НДП. Молва о Хлестакове магом разнеслась во все концы глухого уезда и достигла ревизора из Петербурга, едущего инкогнито.
Ревизор-инкогнито, одетый в партикулярное платье, сидел в бричке, словно пораженный громом. А за его спиной заливались удалявшиеся бубенцы, они уносили молву о Хлестакове дальше. Ревизор-инкогнито очнулся, соскочил с брички, заметался по дороге. Гаркнул на жандарма. Жандарм, сопровождавший его, бросился к футляру, достал оттуда фуражку с большой кокардой.
Ревизор надел ее, сразу преобразился в грозное расейское начальство, прыгнул в бричку, съездил кулаком по шее ямщика, лошади рванулись, и тройка понеслась.
После бутылки, толстобрюшки и губернской мадеры Иван Александрович Хлестаков, сопровождаемый чиновниками, нетвердой походкой входил в гостиную Сквозник-Дмухановского.
- Завтрак был очень хорош. Я люблю поесть. Ведь на то и живешь, чтобы срывать цветы удовольствия.
В это время торжественно распахнулись двери, и во всем своем великолепии предстали Анна Андреевна и Марья Антоновна, умышленно остановившись в дверях, как и раме, в которой все замысловатости туалета и сами они выглядят значительно эффектнее.
Иван Александрович, увидя дам, сразу преобразился и эдаким петушком, быстренько на цыпочках подлетел к ним и застыл в умилении.

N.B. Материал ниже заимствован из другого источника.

Definition Phi (A : K -> Prop) (M : F -> Prop) (g : G) (x : K) : Prop :=
  x = 0 \/
  (A x /\ x != 0 /\ exists h, val x = Some h /\ cls2 g h /\
     (clsH A g h \/ og_lt g h) /\ M (pan x)).

Definition Mg (Mm : K -> Prop) (g : G) (c : F) : Prop :=
  c = 0 \/ exists x, Mm x /\ x != 0 /\ val x = Some g /\ pan x = c.

End Defs.

Definition qq_module (R : nzRingType) (A M : R -> Prop) : Prop :=
  (forall x, M x -> A x) /\ M 0 /\
  (forall x y, M x -> M y -> M (x + y)) /\
  (forall a x, A a -> M x -> M (a * a * x)).

Definition sumset (R : zmodType) (S T : R -> Prop) (c : R) : Prop :=
  exists a b, S a /\ T b /\ c = a + b.

From mathcomp Require Import all_boot all_order all_algebra.
From mathcomp Require Import ring.
From Stdlib Require Import Classical.
Set Implicit Arguments. Unset Strict Implicit. Unset Printing Implicit Defensive.
Import GRing.Theory.
Local Open Scope ring_scope.

(* The whole proof rests on one transport principle (lemma [qq_transport]):
   if Q is a quasi-quadratic module in A, y ∈ Q has value g, and x has value
   h in the class of g modulo G^2 with either h ∈ g·H^2 or h > g, then
   pan x = pan y forces x ∈ Q.  Indeed axiom (5) of pseudo-angular maps gives
   x = u^2 y, and the condition on h says exactly that u ∈ A.  Consequently
   Φ^A(M_g^A(Q), [[g]]) ⊆ Q ([Phi_mem]), and if M_g^A(Q) = F then Q absorbs
   every element of value ≥ g ([Phi_full_mem]).

   The levels M_g^A(Q) are themselves quasi-quadratic modules in F ([Mg_add],
   [Mg_sq]); since char F ≠ 2, a level sum containing c and -c (c ≠ 0) is all
   of F ([sumset_full_opposite]).  The inclusions "⊇" of the theorem follow
   from the transport principle applied to M, N and M + N; the inclusions "⊆"
   come from computing the value and pseudo-angular component of a + b
   (a ∈ M, b ∈ N), the only delicate case being cancellation of the leading
   terms ([cancelling_sum], [sumset_pieces]). *)

Section OrderedGroup.
Variable G : ordAbGroup.
Local Notation e := (og_one G).
Implicit Types x y z : G.

Lemma gmulr1 x : og_mul x e = x.
Proof. by rewrite og_mulC og_mul1. Qed.

Lemma gmulV x : og_mul x (og_inv x) = e.
Proof. by rewrite og_mulC og_mulV. Qed.

Lemma ginv1 : og_inv e = e.
Proof. by rewrite -[og_inv e]gmulr1 og_mulV. Qed.

Lemma gmulIr x y z : og_mul x z = og_mul y z -> x = y.
Proof.
move=> /(congr1 (fun t => og_mul t (og_inv z))).
by rewrite -!og_mulA gmulV !gmulr1.
Qed.

Lemma gmulrI x y z : og_mul z x = og_mul z y -> x = y.
Proof. by rewrite (og_mulC z x) (og_mulC z y); apply: gmulIr. Qed.

Lemma gle_mul2 x y z w : og_le x y -> og_le z w -> og_le (og_mul x z) (og_mul y w).
Proof.
move=> hxy hzw; apply: (og_le_trans (og_le_mul z hxy)).
by rewrite (og_mulC y z) (og_mulC y w); apply: og_le_mul.
Qed.

Lemma gsq_inj x y : og_mul x x = og_mul y y -> x = y.
Proof.
wlog hxy : x y / og_le x y.
  by move=> hw hsq; case: (og_le_total x y) => h; [|symmetry]; apply: hw.
move=> hsq; apply: (@gmulrI _ _ x); apply: og_le_anti.
  by rewrite (og_mulC x y); apply: og_le_mul.
by rewrite hsq; apply: og_le_mul.
Qed.

Lemma gsq_pos (v g : G) : og_lt g (og_mul (og_mul v v) g) -> og_le e v.
Proof.
case=> hle hne; case: (og_le_total e v) => // hv.
have /(og_le_mul g) : og_le (og_mul v v) e by rewrite -(og_mul1 e); apply: gle_mul2.
by rewrite og_mul1 => hge; case: hne; apply: og_le_anti.
Qed.

Lemma gmul_sqK (l k : G) :
  og_mul (og_mul l (og_mul k k)) (og_mul (og_inv k) (og_inv k)) = l.
Proof.
rewrite -og_mulA; have -> : og_mul (og_mul k k) (og_mul (og_inv k) (og_inv k)) = e.
  by rewrite og_mulA -(og_mulA k k) gmulV gmulr1 gmulV.
exact: gmulr1.
Qed.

Городничий за спиной Хлестакова коротко рекомендовал:
- Жена и дочь.
И в противовес грубоватому голосу городничего, голос Ивана Александровича был самым приятным. Под сильным хмельком он отвесил Анне Андреевне такой поклон, что даже благородный какой-нибудь испанский гидальго просто позавидовал бы такому изяществу и тонкости обращения.
- Как я счастлив, сударыня...
Анна Андреевна как-то сразу поддалась чувству изящного со стороны ревизора.
- Нам еще более приятно видеть такую особу...
- Помилуйте, сударыня...
Анна Андреевна, как королева, оперлась на протянутую руку Хлестакова, и Иван Александрович галантно проводил ее к дивану мимо стоящей шеренги чиновников.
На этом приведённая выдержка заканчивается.